The exhibition is divided into six chapters featuring Schwarzenbach's work. A Love of Europe addresses Annemarie Schwarzenbach's first years as a photojournalist and her travels through Europe, revealing Schwarzenbach's cosmopolitan attitude. The Happy Valley follows Schwarzenbach's famous car journeys through the Middle East and Central Asia. She made four trips to Turkey, Palestine and Syria, Iraq and Iran, and as far as Afghanistan and India. She wrote her best-known literary work, The Happy Valley, in Iran. Between the Continents features intermediate places such as streets, harbors or ships' decks that become the sites of a temporary community and the settings for farewells and new beginnings. Travels in America deals with her travels in the United States in 1936-1938 where Schwarzenbach engaged intensely with a new understanding of politically committed photography and encountered a society that was still deeply marked by the economic crisis after 1929. Unemployment, poverty droughts, the decline of the cotton industry – her attention is focused on the American system and explores the differences between rich and poor, but also the widespread misery of the African American population in the southern states. The New Earth addresses her ambivalent views on the relationship between nature and culture in the context of mechanization and industrialization. Minor Encounters, tells the story of people she met on her travels and offers a personal view of her circle of friends.

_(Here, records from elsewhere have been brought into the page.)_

(* Define $A_{2}=\frac{1}{\sqrt2}\begin{bmatrix}1&1\\1&-1\end{bmatrix}$ and, for $k\ge1$, $A_{2^{k+1}}=\frac{1}{\sqrt{\beta(A_{2^k})^2+1}}\begin{bmatrix}\beta(A_{2^k})A_{2^k} & I_{2^k}\\ \beta(A_{2^k})A_{2^k} & -I_{2^k}\end{bmatrix}$. Then for every $k\ge1$, $A_{2^k}$ is a $2^k\times 2^k$ matrix with rows of Euclidean norm $1$ and $$\beta(A_{2^k})=\sqrt{k+1}=\sqrt{\log_2(n)+1},\quad n=2^k.$$
   Context: For $A\in\mathbb{R}^{m\times n}$, $\beta(A)=\frac{1}{2^n}\sum_{x\in\{-1,1\}^n}\|Ax\|_\infty$. $I_N$ is the $N\times N$ identity matrix. *)

From HB Require Import structures.
From mathcomp Require Import all_boot all_order all_algebra.
From mathcomp Require Import reals.
Set Implicit Arguments. Unset Strict Implicit. Unset Printing Implicit Defensive.
Import Order.TTheory GRing.Theory Num.Theory.
Local Open Scope ring_scope.

Section Defs.
Variable R : realType.

(* sign vectors x in {-1,1}^n are encoded by x : {ffun 'I_n -> bool} *)
Definition sgn_of (b : bool) : R := if b then 1 else -1.

Definition infnorm m (y : 'I_m -> R) : R := \big[Num.max/0]_(i < m) `|y i|.

Definition beta m n (A : 'M[R]_(m, n)) : R :=
  (2%:R ^+ n)^-1 *
  \sum_(x : {ffun 'I_n -> bool})
     infnorm (fun i : 'I_m => \sum_(j < n) A i j * sgn_of (x j)).

Lemma pow2S k : (2 ^ k.+1 + 2 ^ k.+1 = 2 ^ k.+2)%N.
Proof. by rewrite [(2 ^ k.+2)%N]expnS mul2n addnn. Qed.

(* Asucc k = A_{2^(k+1)}, defined by the recursion of the paper. *)
Fixpoint Asucc (k : nat) : 'M[R]_(2 ^ k.+1) :=
  match k return 'M[R]_(2 ^ k.+1) with
  | 0 => (Num.sqrt 2%:R)^-1 *:
           \matrix_(i < 2 ^ 1, j < 2 ^ 1)
              (if ((i : nat) == 1%N) && ((j : nat) == 1%N) then -1 else 1)
  | k'.+1 =>
      let B := Asucc k' in
      let b := beta B in
      (Num.sqrt (b ^+ 2 + 1))^-1 *:
        castmx (pow2S k', pow2S k')
          (block_mx (b *: B) 1%:M (b *: B) (- 1%:M))
  end.

(* Apow k = A_{2^k} for k >= 1 (Apow 0 is an irrelevant placeholder). *)
Definition Apow (k : nat) : 'M[R]_(2 ^ k) :=
  match k return 'M[R]_(2 ^ k) with
  | 0 => 1%:M
  | k'.+1 => Asucc k'
  end.

End Defs.

(** For a sign vector (y, z), the entries of [[A, I], [A, -I]] (y, z) are
    (A y)_i + z_i and (A y)_i - z_i; for each i one of them has modulus |(A y)_i| + 1,
    so the sup-norm is exactly ||A y||_oo + 1 and, averaging, beta grows by exactly 1.
    With A = b B, b = beta(B), and the normalisation by sqrt(b^2 + 1), the recursion
    therefore sends beta(B) to sqrt(beta(B)^2 + 1) and rows of norm 1 to rows of norm 1.
    Since A_2 is itself the recursion applied to the 1 x 1 matrix (1), whose beta is 1,
    induction gives beta(A_(2^k))^2 = k + 1. *)

From mathcomp Require Import all_boot all_order all_algebra.
From mathcomp Require Import reals.
From mathcomp Require Import ring lra.
Import Order.TTheory GRing.Theory Num.Theory.
Local Open Scope ring_scope.

Lemma maxr_normDB (R : realDomainType) (a c : R) :
  Num.max `|a + c| `|a - c| = `|a| + `|c|.
Proof.
have [ha|ha] := ger0P a; have [hc|hc] := ger0P c;
have [h1|h1] := ger0P (a + c); have [h2|h2] := ger0P (a - c); case: lerP; lra.
Qed.

Section SignVectors.
Variable T : finType.

Definition glue {m n} (y : {ffun 'I_m -> T}) (z : {ffun 'I_n -> T}) :
    {ffun 'I_(m + n) -> T} :=
  [ffun i => match split i with inl a => y a | inr b => z b end].

Lemma sum_ffun_glue (V : nmodType) m n (F : {ffun 'I_(m + n) -> T} -> V) :
  \sum_x F x = \sum_(y : {ffun 'I_m -> T}) \sum_(z : {ffun 'I_n -> T}) F (glue y z).
Proof.
rewrite pair_big /=; apply: (reindex (fun p => glue p.1 p.2)).
exists (fun x : {ffun 'I_(m + n) -> T} =>
  ([ffun a => x (lshift n a)] : {ffun 'I_m -> T},
   [ffun b => x (rshift m b)] : {ffun 'I_n -> T})).
  move=> [y z] _ /=; congr pair; apply/ffunP => a; rewrite !ffunE.
    by rewrite (unsplitK (inl _ a)).
  by rewrite (unsplitK (inr _ a)).
by move=> x _; apply/ffunP => i; rewrite !ffunE; case: split_ordP => j ->; rewrite ffunE.
Qed.

End SignVectors.

Arguments glue {T m n}.

Section Infnorm.
Variable R : realType.

Lemma eq_infnorm m (u v : 'I_m -> R) : u =1 v -> infnorm u = infnorm v.
Proof. by move=> uv; apply: eq_bigr => i _; rewrite uv. Qed.

Lemma infnorm_ge0 m (u : 'I_m -> R) : 0 <= infnorm u.
Proof.
by apply: (big_ind (fun x : R => 0 <= x)) => //= x y x_ge0 _; rewrite le_max x_ge0.
Qed.

Lemma infnormMl m (c : R) (u : 'I_m -> R) : 0 <= c ->
  infnorm (fun i => c * u i) = c * infnorm u.
Proof.
move=> c_ge0; rewrite /infnorm.
rewrite (big_morph (fun x => c * x) (fun a b => maxr_pMr a b c_ge0) (mulr0 c)).
by apply: eq_bigr => i _; rewrite normrM (ger0_norm c_ge0).
Qed.

Lemma infnorm_col_addsub N (u s : 'cV[R]_N) c : (0 < N)%N ->
    (forall i, `|s i 0| = c) ->
  infnorm (fun i => col_mx (u + s) (u - s) i 0) = infnorm (fun i => u i 0) + c.
Proof.
move=> N_gt0 hs; have c_ge0 : 0 <= c by rewrite -(hs (Ordinal N_gt0)).
apply: le_anti; apply/andP; split.
  apply/bigmax_leP; split=> [|i _]; first by rewrite addr_ge0 ?infnorm_ge0.
  case: (split_ordP i) => j ->; rewrite ?col_mxEu ?col_mxEd !mxE -(hs j).
    by apply: le_trans (ler_normD _ _) _; rewrite lerD2r (le_bigmax 0 (fun i => `|u i 0|)).
  by apply: le_trans (ler_normB _ _) _; rewrite lerD2r (le_bigmax 0 (fun i => `|u i 0|)).
rewrite /infnorm; have [j0 _ ->] := eq_bigmax (x := 0) (Ordinal N_gt0) xpredT
  (fun i => `|u i 0|) isT (fun i _ => normr_ge0 _).
rewrite -(hs j0) -maxr_normDB ge_max.
have := le_bigmax 0 (fun i => `|col_mx (u + s) (u - s) i 0|) (lshift N j0).
have := le_bigmax 0 (fun i => `|col_mx (u + s) (u - s) i 0|) (rshift N j0).
by rewrite /= col_mxEu col_mxEd !mxE => -> ->.
Qed.

End Infnorm.

Section Beta.
Variable R : realType.

Definition sgnv {n} (x : {ffun 'I_n -> bool}) : 'cV[R]_n := \col_j sgn_of R (x j).

Lemma normr_sgn_of (b : bool) : `|sgn_of R b| = 1.
Proof. by case: b; rewrite /sgn_of ?normrN normr1. Qed.

Lemma sgnv_glue m n (y : {ffun 'I_m -> bool}) (z : {ffun 'I_n -> bool}) :
  sgnv (glue y z) = col_mx (sgnv y) (sgnv z).
Proof.
by apply/matrixP => i j; rewrite !mxE ffunE; case: (split i) => a; rewrite mxE.
Qed.

Lemma betaE m n (A : 'M[R]_(m, n)) :
  beta A = (2%:R ^+ n)^-1 * \sum_x infnorm (fun i => (A *m sgnv x) i 0).
Proof.
congr (_ * _); apply: eq_bigr => x _; apply: eq_infnorm => i.
by rewrite mxE; apply: eq_bigr => j _; rewrite mxE.
Qed.

Lemma beta_ge0 m n (A : 'M[R]_(m, n)) : 0 <= beta A.
Proof.
rewrite mulr_ge0 ?invr_ge0 ?exprn_ge0 ?ler0n //.
by apply: sumr_ge0 => x _; apply: infnorm_ge0.
Qed.

Lemma betaZ m n (c : R) (A : 'M[R]_(m, n)) : 0 <= c -> beta (c *: A) = c * beta A.
Proof.
move=> c_ge0; rewrite !betaE [RHS]mulrCA [c * _]mulr_sumr; congr (_ * _).
apply: eq_bigr => x _; rewrite -infnormMl //; apply: eq_infnorm => i.
by rewrite -scalemxAl mxE.
Qed.

Lemma beta_castmx m m' n n' (em : m = m') (en : n = n') (A : 'M[R]_(m, n)) :
  beta (castmx (em, en) A) = beta A.
Proof. by case: m' / em; case: n' / en; rewrite castmx_id. Qed.

Lemma beta_block m n (A : 'M[R]_(m, n)) : (0 < m)%N ->
  beta (block_mx A 1%:M A (- 1%:M)) = beta A + 1.
Proof.
move=> m_gt0; rewrite !betaE sum_ffun_glue.
have glued y z : infnorm (fun i => (block_mx A 1%:M A (- 1%:M) *m sgnv (glue y z)) i 0)
    = infnorm (fun i => (A *m sgnv y) i 0) + 1.
  rewrite sgnv_glue mul_block_col mulNmx !mul1mx.
  by apply: infnorm_col_addsub => // i; rewrite mxE normr_sgn_of.
under eq_bigr => y _ do under eq_bigr => z _ do rewrite glued.
under eq_bigr => y _ do rewrite sumr_const card_ffun card_bool card_ord -mulr_natr.
rewrite -mulr_suml big_split /= sumr_const card_ffun card_bool card_ord.
rewrite -mulr_natr mul1r !natrX exprD.
have two_pow_neq0 k : (2%:R : R) ^+ k != 0 by rewrite expf_neq0 // pnatr_eq0.
by field; rewrite !two_pow_neq0.
Qed.

Lemma beta_mx1 : beta (1%:M : 'M[R]_1) = 1.
Proof.
rewrite betaE.
have unit_norm (x : {ffun 'I_1 -> bool}) : infnorm (fun i => (1%:M *m sgnv x) i 0) = 1.
  by rewrite mul1mx /infnorm big_ord_recl big_ord0 mxE normr_sgn_of max_l ?ler01.
under eq_bigr => x _ do rewrite unit_norm.
by rewrite sumr_const card_ffun card_bool card_ord mulVf ?pnatr_eq0.
Qed.

Lemma sum_sqr_mx1_row {m} (i : 'I_m) : \sum_(j < m) (1%:M : 'M[R]_m) i j ^+ 2 = 1.
Proof.
rewrite (bigD1 i) //= big1 ?addr0 => [|j ji]; first by rewrite mxE eqxx expr1n.
by rewrite mxE eq_sym (negbTE ji) expr0n.
Qed.

Lemma sum_sqr_block_row {m n} (A : 'M[R]_(m, n)) r :
    (forall i, \sum_(j < n) A i j ^+ 2 = r) ->
  forall i, \sum_(j < n + m) block_mx A 1%:M A (- 1%:M) i j ^+ 2 = r + 1.
Proof.
move=> hA i; rewrite big_split_ord /=.
case: (split_ordP i) => k ->; rewrite -(hA k) -[in RHS](sum_sqr_mx1_row k);
  congr (_ + _); apply: eq_bigr => j _.
- by rewrite block_mxEul.
- by rewrite block_mxEur.
- by rewrite block_mxEdl.
- by rewrite block_mxEdr mxE sqrrN.
Qed.

Lemma sum_sqr_castmx_row m m' n n' (em : m = m') (en : n = n') (A : 'M[R]_(m, n)) r :
    (forall i, \sum_(j < n) A i j ^+ 2 = r) ->
  forall i, \sum_(j < n') castmx (em, en) A i j ^+ 2 = r.
Proof. by case: m' / em; case: n' / en; rewrite castmx_id. Qed.

Definition Astep {N} (B : 'M[R]_N) : 'M[R]_(N + N) :=
  (Num.sqrt (beta B ^+ 2 + 1))^-1 *:
    block_mx (beta B *: B) 1%:M (beta B *: B) (- 1%:M).

Lemma beta_Astep N (B : 'M[R]_N) : (0 < N)%N ->
  beta (Astep B) = Num.sqrt (beta B ^+ 2 + 1).
Proof.
move=> N_gt0; set y := beta B ^+ 2 + 1.
have y_gt0 : 0 < y by rewrite ltr_wpDl ?sqr_ge0.
rewrite betaZ ?invr_ge0 ?sqrtr_ge0 // beta_block // betaZ ?beta_ge0 // -expr2 -/y.
by rewrite -{2}(sqr_sqrtr (ltW y_gt0)) expr2 mulKf // gt_eqF ?sqrtr_gt0.
Qed.

Lemma sum_sqr_Astep_row N (B : 'M[R]_N) : (forall i, \sum_(j < N) B i j ^+ 2 = 1) ->
  forall i, \sum_(j < N + N) Astep B i j ^+ 2 = 1.
Proof.
move=> hB i; set b := beta B.
have bB_rows k : \sum_(j < N) (b *: B) k j ^+ 2 = b ^+ 2.
  by under eq_bigr do rewrite mxE exprMn; rewrite -mulr_sumr hB mulr1.
under eq_bigr do rewrite mxE exprMn.
rewrite -mulr_sumr (sum_sqr_block_row _ _ bB_rows) exprVn sqr_sqrtr ?mulVf //.
  by rewrite gt_eqF // ltr_wpDl ?sqr_ge0.
by rewrite addr_ge0 ?sqr_ge0.
Qed.

Lemma Asucc0E : Asucc R 0 = castmx (erefl, erefl) (Astep (1%:M : 'M[R]_1)).
Proof.
rewrite castmx_id /Astep beta_mx1 expr1n scale1r /=; congr (_ *: _).
apply/matrixP => i j; rewrite !mxE.
by case: (@split_ordP 1 1 i) => a ->; rewrite !mxE;
  case: (@split_ordP 1 1 j) => b ->; rewrite !mxE ?ord1 ?mxE ?mulr1.
Qed.

Lemma AsuccSE k :
  Asucc R k.+1 = castmx (pow2S k, pow2S k) (Astep (Asucc R k)).
Proof. by apply/matrixP => i j; rewrite /= [LHS]mxE !castmxE [RHS]mxE. Qed.

Lemma Asucc_spec k :
  (forall i, \sum_(j < 2 ^ k.+1) Asucc R k i j ^+ 2 = 1) /\
  beta (Asucc R k) = Num.sqrt (k.+1%:R + 1).
Proof.
elim: k => [|k [rows_k beta_k]].
  rewrite Asucc0E beta_castmx beta_Astep // beta_mx1 expr1n.
  split=> //; apply: sum_sqr_castmx_row; apply: sum_sqr_Astep_row; exact: sum_sqr_mx1_row.
rewrite AsuccSE beta_castmx beta_Astep ?expn_gt0 // beta_k sqr_sqrtr ?addr_ge0 //.
by split; [apply: sum_sqr_castmx_row; apply: sum_sqr_Astep_row | rewrite natr1].
Qed.

End Beta.

Theorem corollary4 (R : realType) (k : nat) (hk : (1 <= k)%N) :
  (forall i : 'I_(2 ^ k),
      Num.sqrt (\sum_(j < 2 ^ k) (Apow R k i j) ^+ 2) = 1) /\
  beta (Apow R k) = Num.sqrt (k%:R + 1).
Proof.
case: k hk => [//|k] _ /=.
have [rows_one beta_k] := Asucc_spec R k.
by split => [i|]; rewrite ?rows_one ?sqrtr1.
Qed.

Annemarie Schwarzenbach: Departure Without Destination is supported by the Infusion Fund and its generous donors, as well the City of Charlotte and Foundation for the Carolinas. Additional sponsorship provided by Bellecapital, Brighthouse Financial, and Truist with additional support provided by the North Carolina Arts Council and the Arts and Science Council.
About the Bechtler Museum of Modern Art
The Bechtler Museum of Modern Art is the only museum in the Southern United States exclusively dedicated to European and American Modern Art and its legacies. Capturing a remarkable era of art history from the collection of the Zürich-based Bechtler family, the Bechtler Museum of Modern Art collection includes works by some of the most important and influential figures of modernism, including Alexander Calder, Le Corbusier, Edgar Degas, Max Ernst, Alberto Giacometti, Barbara Hepworth, Jasper Johns, Paul Klee, Alfred Manessier, Joan Miró, Kenneth Noland, Pablo Picasso, Bridget Riley, Nicolas de Staël, Andy Warhol and a wealth of other 20th-century notables. The museum, designed by Swiss architect Mario Botta, prominently features the Niki de Saint Phalle's iconic Le Grand Oiseau de Feu sur l'Arche on its entrance plaza. Located in the heart of Uptown, the Bechtler is a light-filled community space created to inspire and engage first-time visitors and long-term supporters alike.